• _Work required_: Reproduce, without any change, the span of lines from the opening of the records below to the line containing "Lemma basic_M6 a", inclusive.
START Material for the task
Lemma basic_M2 c1 c2 :
  basA c1 c2 - nab (rho c2) c1 = - basA c2 c1 + nab (rho c1) c2.
Proof. by rewrite /bas_A (lie_brC brA_lie c2); zmod_eq. Qed.

Lemma basic_M4 x c :
  brX x (rho c) = rho (nab x c) - basTM c x.
Proof. by rewrite /bas_TM (lie_brC brX_lie (rho c)); zmod_eq. Qed.

Lemma basic_M6 a x c :
  nab x (basA a c) - basA a (nab x c) - basA (nab x a) c + nab (basTM a x) c
  = R_nab x (rho c) a - Rbasic a c x.
Proof.
rewrite /bas_A /bas_TM /curv /Rbas (lie_brC brX_lie (rho c)) !expandE.
zmod_eq.
Qed.

Lemma basic_M8 x1 x2 a :
  rho (R_nab x1 x2 a) =
    - basTM a (brX x1 x2) + brX (basTM a x1) x2 + brX x1 (basTM a x2)
    + basTM (nab x2 a) x1 - basTM (nab x1 a) x2.
Proof.
rewrite /bas_TM /curv !expandE (lie_br_leibniz brX_lie (rho a) x1 x2).
by rewrite (lie_brC brX_lie (rho (nab x2 a)) x1); zmod_eq.
Qed.

Lemma basic_M9 a1 a2 x1 x2 :
  d_1form brA (conn_wedge2 basTM basA) (fun a x1 x2 => R_nab x1 x2 a) a1 a2 x1 x2
  = d_1form brX (conn_wedge2 nab nab) (fun x a1 a2 => Rbasic a1 a2 x) x1 x2 a1 a2.
Proof.
rewrite /d_1form /conn_wedge2 /curv /Rbas /bas_TM /bas_A !expandE.
(* [zmod_eq] sees [brA a b] and [brA b a] as unrelated atoms, so matching
   brackets are first oriented alike. *)
rewrite (lie_brC brA_lie a2 (nab (brX x1 x2) a1)).
rewrite (lie_brC brA_lie a2 (nab x1 (nab x2 a1))) (lie_brC brA_lie a2 (nab x2 (nab x1 a1))).
rewrite (lie_br_leibniz brX_lie (rho a1) x1 x2) (lie_br_leibniz brX_lie (rho a2) x1 x2).
rewrite (lie_brC brX_lie (rho (nab x2 a1)) x1) (lie_brC brX_lie (rho (nab x2 a2)) x1).
rewrite !expandE; zmod_eq.
Qed.

Theorem basic_matched_pair :
  matched_pair rho id brA brX brX id rho basTM basA Rbasic nab nab R_nab.
Proof.
split=> //; split; first exact: basic_M2.
split=> [a c|]; first by rewrite /bas_A; zmod_eq.
split; first exact: basic_M4.
split=> [a x|]; first by rewrite /bas_TM; zmod_eq.
split; first exact: basic_M6.
split=> //; split; first exact: basic_M8.
exact: basic_M9.
Qed.

End BasicMatchedPair.

Theorem mainTheorem3 (R : comPzRingType) (X : lmodType R) (brX : X -> X -> X)
    (act : X -> R -> R) (LA : lmodType R) (brA : LA -> LA -> LA)
    (rho : LA -> X) (nab : X -> LA -> LA) :
  tangent_algebroid brX act ->
  lie_algebroid brX act brA rho ->
  linear_connection act nab ->
  matched_pair (X := X) (A := LA) (B := X) (C := LA)
    rho id brA brX brX
    id rho
    (bas_TM brX rho nab) (bas_A brA rho nab) (Rbas brX brA rho nab)
    nab nab (curv brX nab).
Proof.
move=> [brX_lie _] [brA_lie [rhoD [_ [rho_br _]]]] [nabDl [_ [nabDr _]]].
apply: basic_matched_pair => // a x y; exact: nabDl.
Qed.
Lemma lift_lift_rec (t : tm) k n m : lift_rec k n (lift_rec k m t) = lift_rec k (n + m) t.
Proof. apply simpl_lift_rec; lia. Qed.

Lemma permute_lift_rec (t : tm) k i p n : k <= i ->
  lift_rec k p (lift_rec i n t) = lift_rec (p + i) n (lift_rec k p t).
Proof.
  revert k i p n; induction t; intros; simpl; try (f_equal; auto; fail).
  - case_nat_tests; simpl; case_nat_tests; f_equal; lia.
  - f_equal; auto. rewrite IHt2 by lia. f_equal; lia.
  - f_equal; auto. rewrite IHt2 by lia. f_equal; lia.
Qed.

Lemma simpl_subst_rec (t : tm) N n p k : k <= p -> p <= n + k ->
  subst_rec N p (lift_rec k (S n) t) = lift_rec k n t.
Proof.
  revert N n p k; induction t; intros; simpl; try (f_equal; auto; fail).
  - case_nat_tests; simpl; case_nat_tests; f_equal; lia.
  - f_equal; auto. apply IHt2; lia.
  - f_equal; auto. apply IHt2; lia.
Qed.

Lemma subst_lift_cancel (t N : tm) k : subst_rec N k (lift_rec k 1 t) = t.
Proof. rewrite simpl_subst_rec by lia. apply lift_rec0. Qed.

Lemma commut_lift_subst_rec (t : tm) N k p n : k <= p ->
  lift_rec k n (subst_rec N p t) = subst_rec N (n + p) (lift_rec k n t).
Proof.
  revert N k p n; induction t; intros; simpl; try (f_equal; auto; fail).
  - case_nat_tests; simpl; case_nat_tests; try (f_equal; lia).
    unfold lift. rewrite simpl_lift_rec by lia. f_equal; lia.
  - f_equal; auto. rewrite IHt2 by lia. f_equal; lia.
  - f_equal; auto. rewrite IHt2 by lia. f_equal; lia.
Qed.

Lemma commut_lift_subst_rec2 (t : tm) N k p n :
  lift_rec (p + k) n (subst_rec N p t)
  = subst_rec (lift_rec k n N) p (lift_rec (S (p + k)) n t).
Proof.
  revert N k p n; induction t; intros; simpl; try (f_equal; auto; fail).
  - case_nat_tests; simpl; case_nat_tests; try (f_equal; lia).
    subst. unfold lift. rewrite (permute_lift_rec _ 0 k p) by lia. f_equal; lia.
  - f_equal; auto. exact (IHt2 N k (S p) n).
  - f_equal; auto. exact (IHt2 N k (S p) n).
Qed.
(* Let $C$ be an $(n,n-b)$-code, let $d\in\{0,1,\dots,b\}$, and let $C'$ be any $(m,m-1)$ MDS code. The following are equivalent: (a) $C$ is $\operatorname{rMDS}^d(m)$; (b) $C'\otimes C$ is a $(1,b-d)$-relaxed $(m,n,1,b)$-MR tensor code.
   Context: An $(n,k)$-code is a $k$-dimensional subspace of $\mathbb F^n$ with a $k\times n$ generator matrix. For a $k\times n$ matrix $V$ and $A\subseteq[n]$, $V|_A$ is the submatrix of columns in $A$. For $A_1,\dots,A_\ell\subseteq[n]$, $\mathcal G_{A_1,\dots,A_\ell}[V]$ is the $\ell k\times(k+\sum|A_i|)$ block matrix whose $i$-th block row has $I_k$ in the first block column and $V|_{A_i}$ in block column $i+1$, zeros elsewhere. Sets are $V$-saturated if $\operatorname{rank}\mathcal G_{A_1,\dots,A_\ell}[V]=\ell k$, and have the $k$-dimensional saturation property if they are $W$-saturated for a generic $k\times n$ matrix $W$ (independent indeterminate entries). An $(n,k)$-code with generator matrix $G$ is $\operatorname{rMDS}^d(\ell)$ ($0\le d\le n-k$) if every family $A_1,\dots,A_\ell$ with the $(k+d)$-dimensional saturation property is $G$-saturated. Tensor codes: for an $(m,m-a)$-code $C_1$ and an $(n,n-b)$-code $C_2$, $C_1\otimes C_2$ is the code of $m\times n$ arrays whose columns lie in $C_1$ and rows in $C_2$. An erasure pattern $E\subseteq[m]\times[n]$ is correctable by a code if every codeword is determined by its entries outside $E$. $\mathcal E^{m,n}_{a,b}$ denotes the set of patterns correctable by an $(m,n,a,b)$-maximally recoverable tensor code over the relevant field characteristic, i.e. by $C_1\otimes C_2$ where $C_1,C_2$ have generic generator matrices of sizes $(m-a)\times m$ and $(n-b)\times n$. For $a'\le a$, $b'\le b$, $C_1\otimes C_2$ (with $C_1$ an $(m,m-a)$-code and $C_2$ an $(n,n-b)$-code) is an $(a',b')$-relaxed $(m,n,a,b)$-MR tensor code if it corrects every $E\in\mathcal E^{m,n}_{a',b'}$. *)

From HB Require Import structures.
From mathcomp Require Import all_boot all_order all_algebra.
From mathcomp Require Import fraction.
From mathcomp Require Import mpoly.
END Material for the task
• _Task result_:
Lemma basic_M2 c1 c2 :
  basA c1 c2 - nab (rho c2) c1 = - basA c2 c1 + nab (rho c1) c2.
Proof. by rewrite /bas_A (lie_brC brA_lie c2); zmod_eq. Qed.

Lemma basic_M4 x c :
  brX x (rho c) = rho (nab x c) - basTM c x.
Proof. by rewrite /bas_TM (lie_brC brX_lie (rho c)); zmod_eq. Qed.

Lemma basic_M6 a x c :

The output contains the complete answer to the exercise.